Another thing to look for is ballooning current account deficits and low reserves of foreign exchange, two things that unite Turkey and South Africa, says Capital Economics’ Mr. Shearing – who also names Chile, Peru, Thailand and Brazil as countries to watch carefully for signs of the troubles spreading further. On the other hand, the Philippines has run a current account surplus every year since 2003, allowing its central bank to keep interest rates low in order to encourage growth. India, though it narrowed its high current account deficit by banning gold imports, is nevertheless heading into an election – like both Brazil and Turkey – that has prompted concerns of policy paralysis at a time when economists say slowing growth requires substantial economic reforms.
For Razia Khan, an economist who monitors the fast-growing economies of Africa for Standard Chartered Bank in London, there is also optimism. “We seem to be caught up in the eye of the storm now, but there is no realistic expectations that this is going to be sustained,” Ms. Khan says. “The reasons why we were positive about emerging markets two or three years ago have not changed.”
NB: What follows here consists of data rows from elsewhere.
(* Let $\mathcal C$ be a category of $\mathcal A$-coloured noncrossing partitions, let $p\in\mathcal C(w,\emptyset)$ be a partition lying on one line and let $q$ be a full subpartition of $p$, regarded as a partition in $NC^{\mathcal A}(w_a w_{a+1}\cdots w_{a+b},\emptyset)$. Then $q^*q\in\mathcal C(w_a\cdots w_{a+b}, w_a\cdots w_{a+b})$.
   Context: Colour sets and partitions: a colour set is a set $\mathcal A$ with an involution $a\mapsto a^{-1}$. For words $w,w'$ on $\mathcal A$, an element of $P^{\mathcal A}(w,w')$ is a partition of $|w|+|w'|$ points drawn as an upper row coloured (left to right) by $w$ and a lower row coloured by $w'$; its subsets are blocks. It is noncrossing if there are no four points $k_1<k_2<k_3<k_4$ (ordering: upper row left to right, then lower row right to left) with $k_1,k_3$ in one block and $k_2,k_4$ in a different block. Category operations: tensor product (horizontal juxtaposition), composition $qp$ (stack $q$ below $p$, erase middle points and closed loops), adjoint $p^*$ (reflection in a horizontal axis, exchanging rows), rotation (moving an extreme point to the same end of the other row and replacing its colour $a$ by $a^{-1}$). A category of noncrossing partitions is a family $\mathcal C(w,w')\subset NC^{\mathcal A}(w,w')$ stable under these operations and containing $\pi(a,a)$ for all $a$. A partition lies on one line if it has no lower points. For $p\in P(w,\emptyset)$ with points $1,\dots,k$, a full subpartition is a union $q$ of blocks of $p$ whose set of points is an interval $\{a,a+1,\dots,a+b\}$ with $1\leqslant a\leqslant a+b\leqslant k$. *)

(* Points of a partition in P(w,w') are numbered 0 .. |w|+|w'|-1:
   upper row left to right = 0 .. |w|-1, lower row left to right = |w| .. |w|+|w'|-1.
   A partition is a set of blocks {set {set 'I_n}} forming a partition of [set: 'I_n].
   Operations are defined via the induced equivalence relation on point indices. *)
From HB Require Import structures.
From mathcomp Require Import all_boot.
Set Implicit Arguments. Unset Strict Implicit. Unset Printing Implicit Defensive.

Definition pset (n : nat) := {set {set 'I_n}}.

Definition is_part n (P : pset n) : bool := partition P [set: 'I_n].

Definition same n (P : pset n) (i j : nat) : bool :=
  [exists B in P, [exists x in B, [exists y in B, (val x == i) && (val y == j)]]].

Definition mkpart n (r : nat -> nat -> bool) : pset n :=
  equivalence_partition (fun x y : 'I_n => r (val x) (val y)) [set: 'I_n].

(* transport along a point map f (new index -> old index) *)
Definition pull m n (f : nat -> nat) (P : pset n) : pset m :=
  mkpart m (fun i j => same P (f i) (f j)).

(* position of point x in the cyclic order (upper left-to-right, then lower
   right-to-left), for a partition in P(w,w') with |w| = k, |w'| = l *)
Definition cpos (k l x : nat) : nat := if x < k then x else k + l - 1 - (x - k).

Definition noncrossing k l (P : pset (k + l)) : bool :=
  [forall x1 : 'I_(k + l), forall x2 : 'I_(k + l), forall x3 : 'I_(k + l),
   forall x4 : 'I_(k + l),
     ~~ [&& cpos k l x1 < cpos k l x2, cpos k l x2 < cpos k l x3,
            cpos k l x3 < cpos k l x4, same P x1 x3, same P x2 x4 &
            ~~ same P x1 x2]].

Definition is_nc k l (P : pset (k + l)) : bool := is_part P && noncrossing P.

Section Ops.
Variable A : Type.

Definition tens_side (k1 l1 k2 : nat) (x : nat) : bool * nat :=
  if x < k1 then (true, x)
  else if x < k1 + k2 then (false, x - k1)
  else if x < k1 + k2 + l1 then (true, k1 + (x - k1 - k2))
  else (false, k2 + (x - k1 - k2 - l1)).

Definition tensor (w1 w1' w2 w2' : seq A)
    (p : pset (size w1 + size w1')) (q : pset (size w2 + size w2')) :
    pset (size (w1 ++ w2) + size (w1' ++ w2')) :=
  mkpart _ (fun i j =>
    let si := tens_side (size w1) (size w1') (size w2) i in
    let sj := tens_side (size w1) (size w1') (size w2) j in
    (si.1 == sj.1) &&
    (if si.1 then same p si.2 sj.2 else same q si.2 sj.2)).

Definition adjoint (w w' : seq A) (p : pset (size w + size w')) :
    pset (size w' + size w) :=
  pull _ (fun x => if x < size w' then size w + x else x - size w') p.

(* composition q p: p in P(w,w'), q in P(w',w''), q stacked below p *)
Definition comp_edge (w w' w'' : seq A)
    (p : pset (size w + size w')) (q : pset (size w' + size w'')) (i j : nat) : bool :=
  let n1 := size w + size w' in
  [|| [&& i < n1, j < n1 & same p i j],
      [&& n1 <= i, n1 <= j & same q (i - n1) (j - n1)],
      [&& size w <= i, i < n1 & j == n1 + (i - size w)] |
      [&& size w <= j, j < n1 & i == n1 + (j - size w)]].

Definition part_comp (w w' w'' : seq A)
    (q : pset (size w' + size w'')) (p : pset (size w + size w')) :
    pset (size w + size w'') :=
  let n1 := size w + size w' in
  let N := n1 + (size w' + size w'') in
  let g x := if x < size w then x else n1 + size w' + (x - size w) in
  mkpart _ (fun i j =>
    [exists x : 'I_N, exists y : 'I_N,
       [&& val x == g i, val y == g j &
           connect (fun a b : 'I_N => comp_edge p q (val a) (val b)) x y]]).

Definition idpart : pset 2 := mkpart 2 (fun _ _ => true).

End Ops.

(* rotations (4 kinds); b is the new colour (instantiated with a^-1 below) *)
Definition rot_ul (A : Type) (a b : A) (w w' : seq A)
    (p : pset (size (a :: w) + size w')) : pset (size w + size (b :: w')) :=
  pull _ (fun x => if x < size w then x.+1
                   else if x == size w then 0 else x) p.
Definition rot_ur (A : Type) (a b : A) (w w' : seq A)
    (p : pset (size (w ++ [:: a]) + size w')) : pset (size w + size (w' ++ [:: b])) :=
  pull _ (fun x => if x < size w then x
                   else if x < size w + size w' then x.+1
                   else size w) p.
Definition rot_ll (A : Type) (a b : A) (w w' : seq A)
    (p : pset (size w + size (a :: w'))) : pset (size (b :: w) + size w') :=
  pull _ (fun x => if x == 0 then size w
                   else if x <= size w then x.-1 else x) p.
Definition rot_lr (A : Type) (a b : A) (w w' : seq A)
    (p : pset (size w + size (w' ++ [:: a]))) : pset (size (w ++ [:: b]) + size w') :=
  pull _ (fun x => if x < size w then x
                   else if x == size w then size w + size w'
                   else x.-1) p.

Definition pcat_family (A : Type) := forall w w' : seq A, pset (size w + size w') -> Prop.

Record category_of_nc_partitions (A : Type) (inv : A -> A) (C : pcat_family A) : Prop := {
  cat_nc : forall w w' p, C w w' p -> is_nc p;
  cat_tensor : forall w1 w1' w2 w2' p q, C w1 w1' p -> C w2 w2' q ->
          C (w1 ++ w2) (w1' ++ w2') (tensor p q);
  cat_comp : forall w w' w'' p q, C w w' p -> C w' w'' q -> C w w'' (part_comp q p);
  cat_adj : forall w w' p, C w w' p -> C w' w (adjoint p);
  cat_rot_ul : forall a w w' p, C (a :: w) w' p -> C w (inv a :: w') (rot_ul (inv a) p);
  cat_rot_ur : forall a w w' p, C (w ++ [:: a]) w' p -> C w (w' ++ [:: inv a]) (rot_ur (inv a) p);
  cat_rot_ll : forall a w w' p, C w (a :: w') p -> C (inv a :: w) w' (rot_ll (inv a) p);
  cat_rot_lr : forall a w w' p, C w (w' ++ [:: a]) p -> C (w ++ [:: inv a]) w' (rot_lr (inv a) p);
  cat_id : forall a, C [:: a] [:: a] idpart }.

(* q is a full subpartition of p (one line, points 0..size w - 1) on the
   0-indexed interval a .. a+b: a union of blocks of p whose points are
   exactly that interval. *)
Definition full_subpartition_on n (P : pset n) (Q : {set {set 'I_n}}) (a b : nat) : Prop :=
  [/\ Q \subset P, a + b < n & cover Q = [set x : 'I_n | a <= val x <= a + b]].

(* the full subpartition Q, regarded as a partition of the subword w_a..w_(a+b)
   on points 0..b (point i corresponds to point a+i of p) *)
Definition restrict_part m n (Q : {set {set 'I_n}}) (a : nat) : pset m :=
  mkpart m (fun i j => same Q (a + i) (a + j)).

From mathcomp Require Import all_boot.
From mathcomp Require Import zify.
Set Implicit Arguments. Unset Strict Implicit. Unset Printing Implicit Defensive.

(* Rotating every point of [p] outside the interval [a, a+b] to the lower row
   gives a partition [P2] of [C(v, u)] whose upper row carries [q]; since [q] is
   a union of blocks of [p], no block of [P2] joins its two rows.  For such a
   partition, [P2^* P2] only depends on the upper row, so it equals [q^* q], and
   it lies in [C] by the adjoint and composition axioms.  The rotations are
   tracked by injective relabellings of the points. *)


Lemma sameP n (P : pset n) i j :
  reflect (exists B x y, [/\ B \in P, x \in B, y \in B, val x = i & val y = j])
          (same P i j).
Proof.
apply: (iffP existsP).
  case=> B /andP[BP /existsP[x /andP[xB /existsP[y /andP[yB /andP[/eqP ex /eqP ey]]]]]].
  by exists B, x, y.
case=> B [x [y [BP xB yB ex ey]]]; exists B; rewrite BP /=; apply/existsP; exists x.
by rewrite xB /=; apply/existsP; exists y; rewrite yB ex ey !eqxx.
Qed.

Lemma same_block n (P : pset n) (x y : 'I_n) B :
  B \in P -> x \in B -> y \in B -> same P x y.
Proof. by move=> BP xB yB; apply/sameP; exists B, x, y. Qed.

Lemma same_lt n (P : pset n) i j : same P i j -> i < n /\ j < n.
Proof. by case/sameP=> B [x [y [_ _ _ <- <-]]]; split; apply: ltn_ord. Qed.

Lemma same_sym n (P : pset n) i j : same P i j -> same P j i.
Proof. by case/sameP=> B [x [y [BP xB yB ex ey]]]; apply/sameP; exists B, y, x. Qed.

Lemma same_refl n (P : pset n) i : is_part P -> i < n -> same P i i.
Proof.
case/and3P=> /eqP covP _ _ lt_in.
have : Ordinal lt_in \in cover P by rewrite covP inE.
by case/bigcupP=> B BP xB; apply: (same_block BP xB xB).
Qed.

Lemma same_trans n (P : pset n) i j k :
  is_part P -> same P i j -> same P j k -> same P i k.
Proof.
case/and3P=> _ tIP _.
case/sameP=> B [x [y [BP xB yB <- ey]]]; case/sameP=> B' [y' [z [BP' yB' zB' ey' <-]]].
have eyy' : y = y' by apply: val_inj; rewrite ey ey'.
subst y'; have eBB' : B = B' by rewrite -(def_pblock tIP BP yB) (def_pblock tIP BP' yB').
by rewrite -eBB' in zB'; apply: same_block zB'.
Qed.

Definition equiv_below n (r : nat -> nat -> bool) :=
  [/\ forall x, x < n -> r x x,
      forall x y, x < n -> y < n -> r x y -> r y x &
      forall x y z, x < n -> y < n -> z < n -> r x y -> r y z -> r x z].

Lemma equiv_below_same n (P : pset n) : is_part P -> equiv_below n (same P).
Proof.
move=> hP; split=> [x|x y _ _|x y z _ _ _]; first exact: same_refl.
  exact: same_sym.
exact: same_trans.
Qed.

Lemma mkpart_part n r : equiv_below n r -> is_part (mkpart n r).
Proof.
case=> rr sr tr; apply: equivalence_partitionP => x y z _ _ _.
split; first exact: rr (ltn_ord z).
move=> rxy; apply/idP/idP; last exact: tr (ltn_ord x) (ltn_ord y) (ltn_ord z) rxy.
by apply: tr (ltn_ord y) (ltn_ord x) (ltn_ord z) _; apply: sr.
Qed.

Lemma same_mkpart n r i j : equiv_below n r ->
  same (mkpart n r) i j = [&& i < n, j < n & r i j].
Proof.
case=> rr sr tr; apply/idP/idP.
  case/sameP=> B [x [y [/imsetP[x0 _ ->] xB yB <- <-]]].
  move: xB yB; rewrite !inE /= !ltn_ord /= => rx ry.
  exact: tr (sr _ _ _ _ rx) ry.
case/and3P=> lt_in lt_jn rij.
apply: (@same_block _ _ (Ordinal lt_in) (Ordinal lt_jn) [set y | r i (val y)]).
- by apply/imsetP; exists (Ordinal lt_in); last by apply/setP=> y; rewrite !inE.
- by rewrite inE /= rr.
- by rewrite inE.
Qed.

Lemma mkpart_ext n (r1 r2 : nat -> nat -> bool) :
  (forall i j : 'I_n, r1 i j = r2 i j) -> mkpart n r1 = mkpart n r2.
Proof.
move=> r12; apply: eq_imset => x.
by apply: eq_finset => y; rewrite r12.
Qed.

Section Pull.
Variables (m n : nat) (f : nat -> nat) (P : pset n).
Hypotheses (hP : is_part P) (f_lt : forall x, x < m -> f x < n).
Yuen Pau Woo, who heads the Asia Pacific Foundation of Canada, says chaos in emerging markets represents an opportunity for investors to re-evaluate the entire category. “I would love for this to be a turning point in how people think about emerging markets, not lumping them into one big basket of common traits,” he says. “And with China in particular being the most unique and distinctive of them all, not even being deserved to be called an emerging market, but a standalone driver of global growth with its own problems and challenges.”